From: Division of Nutritional Psychiatry Research at Deakin University, Geelong, Australia, and president of the International Society for Nutritional Psychiatry Research
Study:

250 individuals had brain volume (size) tracked by MRI over 4 years as well as what foods they ate.

There was a difference of more than 200 cubic millimeters in hippocampal volume (seat of memory, spatial orientation and sense of self that shrinks before Alzheimer’s disease) between individuals who ate a healthy diet (fresh veggies, less meat and fast food and more fish) compared with those who consumed a typical unhealthy Western diet (meat, hamburgers, chips, sweets and soft drinks).

“To our knowledge, this is the first human study to demonstrate associations between diet and hippocampal volume concordant with data previously observed in animal studies,” concluded the head scientist of this study, Felice N. Jacka, PhD.

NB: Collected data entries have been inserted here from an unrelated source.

Lemma construction_outside_band q b : (0 <= b < 2 * Z.of_nat i + 1)%Z -> (b < Z.of_nat k)%Z ->
  construction k i (Z.of_nat k * q + b) = false.
Proof.
  intros Hb Hbk. rewrite construction_block by lia.
  replace (2 * Z.of_nat i + 1 <=? b)%Z with false by (symmetry; apply Z.leb_gt; lia).
  reflexivity.
Qed.

Lemma construction_independent : independent (dist_set k i) (construction k i).
Proof.
  apply independent_of_shift. intros x d Hd.
  destruct (block_decomposition x) as [q [b [-> Hb]]].
  rewrite construction_block by exact Hb.
  intros [Hband Hpat]%andb_prop. apply Z.leb_le in Hband.
  destruct Hd as [<-|[<-|[<-|[]]]].
  - replace (Z.of_nat k * q + b + Z.of_nat k)%Z with (Z.of_nat k * (q + 1) + b)%Z by ring.
    rewrite construction_block, Z.add_shuffle0, pattern_no_consecutive by assumption.
    apply Bool.andb_false_r.
  - destruct (Z_lt_ge_dec (b + (2 * Z.of_nat i + 1)) (Z.of_nat k)) as [Hin|Hout].
    + replace (Z.of_nat k * q + b + Z.of_nat (k + 2 * i + 1))%Z
        with (Z.of_nat k * (q + 1) + (b + (2 * Z.of_nat i + 1)))%Z by lia.
      rewrite construction_block by lia.
      (* the step adds 2i+2, i.e. subtracts 1 modulo 2i+3 *)
      destruct (pattern i (q + 1 + (b + (2 * Z.of_nat i + 1)))) eqn:Hnext;
        [|apply Bool.andb_false_r].
      apply pattern_no_consecutive in Hnext.
      replace (q + 1 + (b + (2 * Z.of_nat i + 1)) + 1)%Z
        with (q + b + (2 * Z.of_nat i + 3))%Z in Hnext by ring.
      rewrite pattern_periodic in Hnext. congruence.
    + replace (Z.of_nat k * q + b + Z.of_nat (k + 2 * i + 1))%Z
        with (Z.of_nat k * (q + 2) + (b + (2 * Z.of_nat i + 1) - Z.of_nat k))%Z by lia.
      apply construction_outside_band; lia.
  - destruct (Z_lt_ge_dec (b + 1) (Z.of_nat k)) as [Hin|Hout].
    + replace (Z.of_nat k * q + b + 1)%Z with (Z.of_nat k * q + (b + 1))%Z by ring.
      rewrite construction_block, Z.add_assoc, pattern_no_consecutive by (assumption || lia).
      apply Bool.andb_false_r.
    + replace (Z.of_nat k * q + b + 1)%Z with (Z.of_nat k * (q + 1) + 0)%Z by lia.
      apply construction_outside_band; lia.
Qed.

Lemma construction_run L q b : (2 * Z.of_nat i + 1 <= b)%Z -> (b + Z.of_nat L <= Z.of_nat k)%Z ->
  count_from (construction k i) (Z.of_nat k * q + b) L = count_from (pattern i) (q + b) L.
Proof.
  revert b; induction L as [|L IH]; intros b Hband HL; [reflexivity|].
  cbn [count_from]. rewrite construction_block by lia.
  replace (2 * Z.of_nat i + 1 <=? b)%Z with true by (symmetry; apply Z.leb_le; lia).
  replace (Z.of_nat k * q + b + 1)%Z with (Z.of_nat k * q + (b + 1))%Z by ring.
  rewrite IH, Z.add_assoc by lia. reflexivity.
Qed.

Lemma construction_block_count x : (block_count_bound k i <= count_from (construction k i) x k)%nat.
Proof.
  unfold block_count_bound.
  destruct (Nat.le_gt_cases k (2 * i + 1)) as [Hsmall|Hlarge].
  { replace (k - (2 * i + 1))%nat with 0%nat by lia. rewrite Nat.Div0.div_0_l. lia. }
  destruct (block_decomposition x) as [q [b [-> Hb]]].
  destruct (Z_le_gt_dec b (2 * Z.of_nat i + 1)) as [Hleft|Hright].
  - eapply Nat.le_trans; [|apply (count_from_subinterval _ _ _
      (Z.of_nat k * q + (2 * Z.of_nat i + 1))%Z (k - (2 * i + 1))); lia].
    rewrite construction_run by lia.
    eapply Nat.le_trans; [|apply pattern_count_ge]. nia.
  - (* the window is the end of block q followed by the start of block q+1 *)
    set (bn := Z.to_nat b).
    replace (count_from (construction k i) (Z.of_nat k * q + b) k)
      with (count_from (construction k i) (Z.of_nat k * q + b) ((k - bn) + bn)) by (f_equal; lia).
    rewrite count_from_add.
    replace (Z.of_nat k * q + b + Z.of_nat (k - bn))%Z with (Z.of_nat k * (q + 1) + 0)%Z by lia.
    rewrite construction_run by lia.
    assert (Hhead : (count_from (construction k i)
                       (Z.of_nat k * (q + 1) + (2 * Z.of_nat i + 1)) (bn - (2 * i + 1))
                     <= count_from (construction k i) (Z.of_nat k * (q + 1) + 0) bn)%nat)
      by (apply count_from_subinterval; lia).
    rewrite construction_run in Hhead by lia.
    pose proof (pattern_count_ge i (q + b) (k - bn)).
    pose proof (pattern_count_ge i (q + 1 + (2 * Z.of_nat i + 1)) (bn - (2 * i + 1))).
    pose proof (div_add_le (k - bn) (bn - (2 * i + 1)) (2 * i + 3) ltac:(lia)) as Hdiv.
    replace (k - bn + (bn - (2 * i + 1)))%nat with (k - (2 * i + 1))%nat in Hdiv by lia.
    nia.
Qed.

Lemma construction_window_count N :
  (block_count_bound k i * (2 * N + 1)
   <= k * count_window (construction k i) N + k * block_count_bound k i)%nat.
Proof.
  rewrite count_window_eq.
  set (q := ((2 * N + 1) / k)%nat).
  pose proof (Nat.div_mod (2 * N + 1) k ltac:(lia)) as Hdiv.
  pose proof (Nat.mod_upper_bound (2 * N + 1) k ltac:(lia)) as Hmod.
  fold q in Hdiv.
  assert (Hblocks : (q * block_count_bound k i
                     <= count_from (construction k i) (- Z.of_nat N) (q * k))%nat)
    by (apply count_from_repeat, construction_block_count).
  assert (Hwindow : (count_from (construction k i) (- Z.of_nat N) (q * k)
                     <= count_from (construction k i) (- Z.of_nat N) (2 * N + 1))%nat)
    by (apply count_from_subinterval; nia).
  nia.
Qed.
Lemma hact_hbasis m u (w : Pm) (lt_mn : (m < n)%N) :
  hact (hbasis k n m u) w = basis_act (Ordinal lt_mn, u) w.
Proof.
rewrite hactE (bigD1 (Ordinal lt_mn, u)) //= big1 ?addr0.
  by rewrite ffunE /= !eqxx scale1r.
move=> [a s] /= ne_p; rewrite ffunE /=.
have [eq_a|] := eqP; last by rewrite scale0r.
have [eq_s|] := eqP; last by rewrite scale0r.
by case/eqP: ne_p; congr (_, _) => //; apply: val_inj.
Qed.

Lemma hact_bmul (a b : 'I_n) s t (w : Pm) :
  hact (bmul chi g n a s b t) w = basis_act (a, s) (basis_act (b, t) w).
Proof.
have -> : bmul chi g n a s b t = [ffun r => chi t ^+ a * (if (a + b < n)%N
      then hbasis k n (a + b) (s * t)%g
      else hbasis k n (a + b - n) (s * t * g ^+ n)%g - hbasis k n (a + b - n) (s * t)%g) r].
  by apply/ffunP => r; rewrite !ffunE; case: ifP; rewrite ?ffunE.
rewrite hactZl /basis_act /= zpow_sact linearZ /= sactM /zpow -iterD; congr (_ *: _).
case: ifP => [lt_abn | /negbT]; first by rewrite hact_hbasis.
rewrite -leqNgt => le_nab; have lt_abn : (a + b - n < n)%N by move: (ltn_ord a) (ltn_ord b); lia.
rewrite hactBl !(hact_hbasis _ _ lt_abn) /basis_act /= sact_gn.
rewrite -[in RHS](subnK le_nab) iterD -/(zpow n _) zpow_n -/(zpow (a + b - n) _).
by rewrite !linearZ /= scalerBl scale1r.
Qed.

Lemma hact_hmul (x y : Hl) (w : Pm) : hact (hmul chi g x y) w = hact x (hact y w).
Proof.
transitivity (\sum_p \sum_q (x p * y q) *: hact (bmul chi g n p.1 p.2 q.1 q.2) w).
  rewrite hactE; under eq_bigr do rewrite ffunE scaler_suml.
  rewrite exchange_big; apply: eq_bigr => p _.
  under eq_bigr do rewrite scaler_suml.
  rewrite exchange_big; apply: eq_bigr => q _.
  by rewrite hactE scaler_sumr; apply: eq_bigr => r _; rewrite scalerA.
rewrite [RHS]hactE; apply: eq_bigr => -[a s] _.
rewrite hactE linear_sum scaler_sumr; apply: eq_bigr => -[b t] _.
by rewrite hact_bmul linearZ scalerA.
Qed.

A high-animal fat diet (and possibly sugar) reduces “brain-derived neurotrophic factor levels”, which impairs neuronal plasticity (communicating highways of your brain) as well as tamps down learning and promotes adverse behavioral and mood changes.

The healthier you eat = the more you promote hippocampal health and avoid age related brain atrophy (brain shrinkage that correlates with signs of aging and fragility).
• The hippocampus has more blood flow than any other tissue in the entire body.
• The hippocampal cells have more mitochondria (energy furnaces) per cell volume than any other cell in the body other than the parietal cells that make stomach acid.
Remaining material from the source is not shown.